**What you have to do**: Would you return the entries below exactly from the line containing "Lemma fvs_min H" onward, ending with the final line and including it, and nothing else?

──────── Exercise data ────────

(* A cycle that avoids C cannot meet F when (C, F) is a feedback vertex cut:
   it would leave the tree of G[F] it meets along two distinct edges, both
   ending outside C ∪ F.  Let W = C2 ∪ F2 and let H be a C1-certificate of
   order z.  For a minimum FVS S of H - W, the set S ∪ (C2 ∩ V(H)) is an FVS
   of H, and (C1 ∩ W) ∪ (C2 \ (C1 ∪ F1)) is an FVS of G[W].  Comparing with
   |C1| = fvs H and |C2| <= fvs G[W] gives |C1 \ W| <= fvs (H - W), so H - W
   is a (C1 \ W)-certificate.  Its order stays at most z: a minimum FVS meets
   every component in a minimum FVS of that component, and the components of
   H - W lie inside those of H. *)

From Stdlib Require Import ClassicalEpsilon.
From mathcomp Require Import all_boot zify.
Set Implicit Arguments. Unset Strict Implicit. Unset Printing Implicit Defensive.

Lemma val_iter_ordS k (i : 'I_k.+1) n : val (iter n (@ordS _) i) = (i + n) %% k.+1.
Proof.
elim: n => [|n IHn] /=; first by rewrite addn0 modn_small.
by rewrite IHn /= -addn1 modnDml -addnA addn1.
Qed.

Lemma ordS_ind k (P : pred 'I_k.+1) i0 :
  (forall i, P i -> P (ordS i)) -> P i0 -> forall j, P j.
Proof.
move=> PS Pi0 j.
have Piter n : P (iter n (@ordS _) i0) by elim: n => //= n; apply: PS.
suff -> : j = iter (k.+1 - i0 + j) (@ordS _) i0 by [].
apply: val_inj; rewrite val_iter_ordS addnA subnKC ?(ltnW (ltn_ord i0)) //.
by rewrite addnC modnDr modn_small.
Qed.

Lemma ordS_exit k (P : pred 'I_k.+1) i0 j0 :
  P i0 -> ~~ P j0 -> exists i, P i && ~~ P (ordS i).
Proof.
move=> Pi0 nPj0; case: (pickP [pred i | P i && ~~ P (ordS i)]) => [i Pi | noexit].
  by exists i.
suff : P j0 by rewrite (negbTE nPj0).
apply: (ordS_ind _ Pi0) => i Pi; apply: contraFT (noexit i) => nPSi.
by rewrite /= Pi.
Qed.

Section FeedbackVertexCuts.
Variables (V E : finType) (ends : E -> V * V).

Local Notation graph := (graph V E).
Local Notation incident := (incident ends).
Local Notation induced := (induced ends).
Local Notation del := (del ends).
Local Notation has_cycle := (has_cycle ends).
Local Notation acyclic := (acyclic ends).
Local Notation is_fvs := (is_fvs ends).
Local Notation fvs := (fvs ends).
Local Notation ecount := (ecount ends).
Local Notation adj := (adj ends).
Local Notation comp_vertices := (comp_vertices ends).
Local Notation component := (component ends).
Local Notation fvc := (fvc ends).
Local Notation certificate := (certificate ends).
Local Notation certificate_of_order := (certificate_of_order ends).

Implicit Types (G H J M : graph) (A C D F W X Y : {set V}).

Definition sub_graph H M := (H.1 \subset M.1) && (H.2 \subset M.2).

Lemma sub_graph_trans H J M : sub_graph H J -> sub_graph J M -> sub_graph H M.
Proof.
case/andP=> sHJ1 sHJ2 /andP [sJM1 sJM2].
by rewrite /sub_graph (subset_trans sHJ1) ?(subset_trans sHJ2).
Qed.

Lemma subgraphP H M : subgraph ends H M <-> wf_graph ends H /\ sub_graph H M.
Proof.
by split=> [[wfH [sHM1 sHM2]] | [wfH /andP]]; last split; rewrite /sub_graph ?sHM1.
Qed.

Lemma wf_induced H X : wf_graph ends H -> wf_graph ends (induced H X).
Proof.
move=> wfH e; rewrite !inE => /and3P [eH e1X e2X].
by case: (wfH e eH) => -> ->; rewrite e1X e2X.
Qed.

Lemma induced_sub H X : sub_graph (induced H X) H.
Proof.
by apply/andP; split; apply/subsetP => x; rewrite !inE => /andP [].
Qed.

Lemma del_sub H X : sub_graph (del H X) H.
Proof. exact: induced_sub. Qed.

Lemma inducedS H M X Y :
  sub_graph H M -> X \subset Y -> sub_graph (induced H X) (induced M Y).
Proof.
case/andP=> /subsetP sHM1 /subsetP sHM2 /subsetP sXY.
apply/andP; split; apply/subsetP => x; rewrite !inE.
  by case/andP=> /sXY -> /sHM1 ->.
by case/and3P=> /sHM2 -> /sXY -> /sXY ->.
Qed.

Lemma incident_sym e x y : incident e x y -> incident e y x.
Proof. by rewrite /incident orbC. Qed.

Lemma incident_induced H X e x y :
  e \in H.2 -> incident e x y -> x \in X -> y \in X -> e \in (induced H X).2.
Proof. by rewrite inE => -> /orP [] /eqP -> /= -> ->. Qed.

Definition cycle_in H k (vs : 'I_k.+1 -> V) (es : 'I_k.+1 -> E) :=
  injective vs /\ injective es /\
  forall i, [/\ vs i \in H.1, es i \in H.2 & incident (es i) (vs i) (vs (ordS i))].

Lemma has_cycleP H : has_cycle H <-> exists k vs es, @cycle_in H k vs es.
Proof. by []. Qed.

Lemma cycle_inS H M k vs es :
  sub_graph H M -> @cycle_in H k vs es -> cycle_in M vs es.
Proof.
case/andP=> /subsetP sHM1 /subsetP sHM2 [vs_inj [es_inj cyc]].
by split=> //; split=> // i; case: (cyc i) => /sHM1 ? /sHM2 ?.
Qed.

Lemma acyclicS H M : sub_graph H M -> acyclic M -> acyclic H.
Proof.
move=> sHM acM /has_cycleP [k [vs [es /(cycle_inS sHM) cyc]]].
by apply: acM; exists k, vs, es.
Qed.

Lemma cycle_in_induced H X k vs es :
  @cycle_in (induced H X) k vs es <-> cycle_in H vs es /\ forall i, vs i \in X.
Proof.
split=> [[vs_inj [es_inj cyc]] | [[vs_inj [es_inj cyc]] inX]].
  split=> [|i]; last by case: (cyc i); rewrite inE => /andP [].
  split=> //; split=> // i; case: (cyc i); rewrite !inE.
  by case/andP=> _ -> /and3P [-> _ _].
split=> //; split=> // i; case: (cyc i) => vsH esH inc.
split=> //; first by rewrite inE vsH inX.
exact: incident_induced esH inc (inX _) (inX _).
Qed.

Lemma cycle_in_del H X k vs es :
  @cycle_in (del H X) k vs es <-> cycle_in H vs es /\ forall i, vs i \notin X.
Proof.
rewrite cycle_in_induced; split=> -[cyc inHX]; split=> // i; move: (inHX i).
  by rewrite inE => /andP [].
by case: cyc => _ [_ /(_ i) [vsH _ _]]; rewrite inE vsH andbT.
Qed.

Lemma adj_connect H e x y : e \in H.2 -> incident e x y -> connect (adj H) x y.
Proof. by move=> eH inc; apply: connect1; apply/existsP; exists e; rewrite eH. Qed.

Lemma comp_verticesS H M v :
  sub_graph H M -> comp_vertices H v \subset comp_vertices M v.
Proof.
case/andP=> /subsetP sHM1 /subsetP sHM2; apply/subsetP => x; rewrite !inE.
case/andP=> /sHM1 -> /=; apply: connect_sub => y w /existsP [e /andP [eH inc]].
exact: adj_connect (sHM2 _ eH) inc.
Qed.

Lemma componentS H M v : sub_graph H M -> sub_graph (component H v) (component M v).
Proof. by move=> sHM; apply: inducedS (comp_verticesS v sHM). Qed.

Lemma cycle_in_comp_vertices H v k vs es i0 :
  @cycle_in H k vs es -> vs i0 \in comp_vertices H v ->
  forall i, vs i \in comp_vertices H v.
Proof.
case=> _ [_ cyc]; apply: ordS_ind => i; rewrite !inE => /andP [_ conn_vi].
case: (cyc i) (cyc (ordS i)) => _ esH inc [-> _ _] /=.
exact: connect_trans conn_vi (adj_connect esH inc).
Qed.

Definition edges_between G X Y : {set E} :=
  [set e in G.2 | (((ends e).1 \in X) && ((ends e).2 \in Y)) ||
                  (((ends e).1 \in Y) && ((ends e).2 \in X))].

Lemma ecountE G X Y : ecount G X Y = #|edges_between G X Y|.
Proof. by []. Qed.

Lemma incident_edges_between G X Y e x y :
  e \in G.2 -> incident e x y -> x \in X -> y \in Y -> e \in edges_between G X Y.
Proof. by rewrite inE => -> /orP [] /eqP -> /= -> ->; rewrite ?orbT. Qed.

Lemma leq_ecount G M X1 X2 Y1 Y2 : sub_graph G M -> X1 \subset X2 -> Y1 \subset Y2 ->
  ecount G X1 Y1 <= ecount M X2 Y2.
Proof.
case/andP=> _ /subsetP sGM2 /subsetP sX /subsetP sY; apply: subset_leq_card.
apply/subsetP => e; rewrite !inE => /andP [/sGM2 -> /=].
case/orP=> /andP [h1 h2]; first by rewrite (sX _ h1) (sY _ h2).
by rewrite (sX _ h2) (sY _ h1) orbT.
Qed.

Lemma fvs_min H X : is_fvs H X -> fvs H <= #|X|.
Proof.
move=> fvsX; have asbX : asb (is_fvs H X).
  by rewrite /asb; case: excluded_middle_informative.
rewrite /fvs; elim: (index_enum _) (mem_index_enum X) => // Y r IHr.
rewrite inE big_cons => /predU1P [<- | Xr]; first by rewrite asbX geq_minl.
by case: ifP => _; rewrite ?geq_min (IHr Xr) ?orbT.
Qed.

────────

**Exercise solution**:
Lemma fvs_min H X : is_fvs H X -> fvs H <= #|X|.
Proof.
move=> fvsX; have asbX : asb (is_fvs H X).
  by rewrite /asb; case: excluded_middle_informative.
rewrite /fvs; elim: (index_enum _) (mem_index_enum X) => // Y r IHr.
rewrite inE big_cons => /predU1P [<- | Xr]; first by rewrite asbX geq_minl.
by case: ifP => _; rewrite ?geq_min (IHr Xr) ?orbT.
Qed.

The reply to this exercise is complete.